Hayden-Johnson missed the entire 2007 WNBA season to give birth to her first child. She returned to action in 2008 as a reserve for the Lynx. On January 30, 2009, Hayden-Johnson was traded to the Los Angeles Sparks for Christi Thomas.

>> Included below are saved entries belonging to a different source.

Lemma cone_in_comm i (y : Y i) : cone_in f (cd Y i y) = cd (cone f) i (cone_in f y).
Proof.
by rewrite /cone_in /= /cone_d /= (islin0 (cd_lin _ _ _)) (islin0 (cm_lin f _)) oppr0 add0r.
Qed.

Definition cone_incl : cmap Y (cone f) :=
  {| cm := cone_in f; cm_lin := cone_in_lin; cm_comm := cone_in_comm |}.

Definition cone_proj : cmap (cone f) (shift X) :=
  {| cm := @cone_out _ _ _ f; cm_lin := fun i a x y => erefl;
     cm_comm := fun i x => erefl |}.
End ConeMaps.

End TriangleMaps.

Section HomCohomology.
Variables (R : pzRingType) (P : lmodType R).

(* Cochains of Hom_R(P, X) of degree i + 1 are linear maps P -> X (i + 1); indexing
   by i avoids casts between X (i + 1) and X i.  The prefix H_ refers to the
   cohomology of Hom_R(P, -). *)
Definition cocycle (X : cx R) i (phi : P -> X (i + 1)) : Prop :=
  islin phi /\ forall x, cd X (i + 1) (phi x) = 0.

Definition coboundary (X : cx R) i (phi : P -> X (i + 1)) : Prop :=
  exists psi : P -> X i, islin psi /\ forall x, cd X i (psi x) = phi x.

Definition cohomologous (X : cx R) i (phi psi : P -> X (i + 1)) : Prop :=
  coboundary (fun x => phi x - psi x).

Lemma hom_exactP (Z : cx R) :
  hom_exact P Z <-> forall i (phi : P -> Z (i + 1)), cocycle phi -> coboundary phi.
Proof. by split=> hZ i phi; [case; apply: hZ | move=> lp cp; apply: hZ]. Qed.

Section Classes.
Variables (X : cx R) (i : int).
Implicit Types phi psi chi : P -> X (i + 1).

Lemma coboundary_ext phi psi : phi =1 psi -> coboundary phi -> coboundary psi.
Proof. by move=> e [s [ls hs]]; exists s; split=> // x; rewrite hs e. Qed.

Lemma coboundary0 : @coboundary X i (fun _ => 0).
Proof.
by exists (fun _ => 0); split=> [|x]; [exact: islin_cst0 | exact: islin0 (cd_lin _ X i)].
Qed.
(* For every $\delta>0$ and $p\in(0,1)$ there exists a constant $C=C(\delta,p)<\infty$ such that for all $n\ge1$ and $v\in[0,n]^2\cap\mathbb{Z}^2$, \[ \sum_{i\in\mathbb{N}}I_{v,i}(T_n)^2\le C\,\mathbb{P}(v\in\pi_n)^{2-\delta}. \]
   Context: $\mathbb{N}=\{0,1,2,\dots\}$. Let $(X_{u,j})_{u\in\mathbb{Z}^2,j\in\mathbb{N}}$ be i.i.d. Bernoulli($p$) and $\omega_u=\min\{j\ge0:X_{u,j}=1\}$ (i.i.d. geometric weights). $T_n$ is the maximum of $\sum_{x\in\gamma}\omega_x$ over up-right nearest-neighbour paths $\gamma$ from $(0,0)$ to $(n,n)$, viewed as a function of the bits $(X_{u,j})$; geodesics are maximizing paths and $\pi_n$ is the set of vertices lying on at least one geodesic. The influence of bit $(v,i)$ is $I_{v,i}(T_n)=\mathbb{E}\big[\big|\mathbb{E}[T_n\mid (X_{u,j})_{(u,j)\ne(v,i)}]-T_n\big|\big]$. *)

From HB Require Import structures.
From mathcomp Require Import all_boot all_order all_algebra.
From mathcomp Require Import all_classical all_reals all_analysis.
Set Implicit Arguments. Unset Strict Implicit. Unset Printing Implicit Defensive.
Import Order.TTheory GRing.Theory Num.Theory.
Local Open Scope classical_set_scope.
Local Open Scope ring_scope.

(* A configuration of bits: x u j = X_{u,j}, u in Z^2, j in N. *)
Definition vtx := (int * int)%type.
Definition config := vtx -> nat -> bool.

==WNBA career statistics==

===Regular season===

| Year | Team | GP | GS | MPG | FG% | 3P% | FT% | RPG | APG | SPG | BPG | TO | PPG |
|---|---|---|---|---|---|---|---|---|---|---|---|---|---|
| 2004 | Minnesota | 29 | 1 | 12.1 | .415 | .000 | .553 | 2.9 | 0.2 | 0.2 | 1.0 | 1.2 | 5.3 |
| 2005 | Minnesota | 31 | 25 | 19.2 | .433 | .000 | .556 | 5.3 | 0.7 | 0.5 | 2.2 | 2.0 | 7.9 |
| 2006 | Minnesota | 33 | 3 | 12.8 | .402 | .000 | .621 | 3.5 | 0.6 | 0.2 | 1.3 | 1.3 | 5.4 |
| 2008 | Minnesota | 30 | 0 | 10.1 | .445 | .000 | .614 | 3.5 | 0.4 | 0.5 | 0.5 | 0.9 | 5.2 |
| 2009 | Los Angeles | 25 | 1 | 10.8 | .411 | .000 | .640 | 2.7 | 0.2 | 0.2 | 0.9 | 0.8 | 3.8 |
| Career | 5 years, 2 teams | 148 | 30 | 13.1 | .423 | .000 | .592 | 3.6 | 0.5 | 0.3 | 1.2 | 1.3 | 5.6 |

===Playoffs===

| Year | Team | GP | GS | MPG | FG% | 3P% | FT% | RPG | APG | SPG | BPG | TO | PPG |
|---|---|---|---|---|---|---|---|---|---|---|---|---|---|
| 2004 | Minnesota | 2 | 0 | 8.0 | .286 | .000 | .000 | 1.0' | 0.0 | 0.0 | 0.5 | 1.5 | 2.0 |
| 2009 | Los Angeles | 1 | 0 | 2.0 | .000 | .000 | .000 | 0.0 | 0.0 | 0.0 | 0.0 | 0.0 | 0.0 |
| Career | 2 years, 2 teams | 3 | 0 | 6.0 | .286 | .000 | .000 | 0.7 | 0.0 | 0.0 | 0.3 | 1.0 | 1.3 |

== European career ==

- 2004–06: CB Halcón Viajes (Spain)
- 2007–08: Beşiktaş Cola Turka (Turkey)
- 2008–09: Umana Reyer Venezia (Italy)

==Personal life==

Hayden was a contestant on Season 16 of the reality competition The Biggest Loser, titled The Biggest Loser: Glory Days, which premiered on September 11, 2014, on NBC.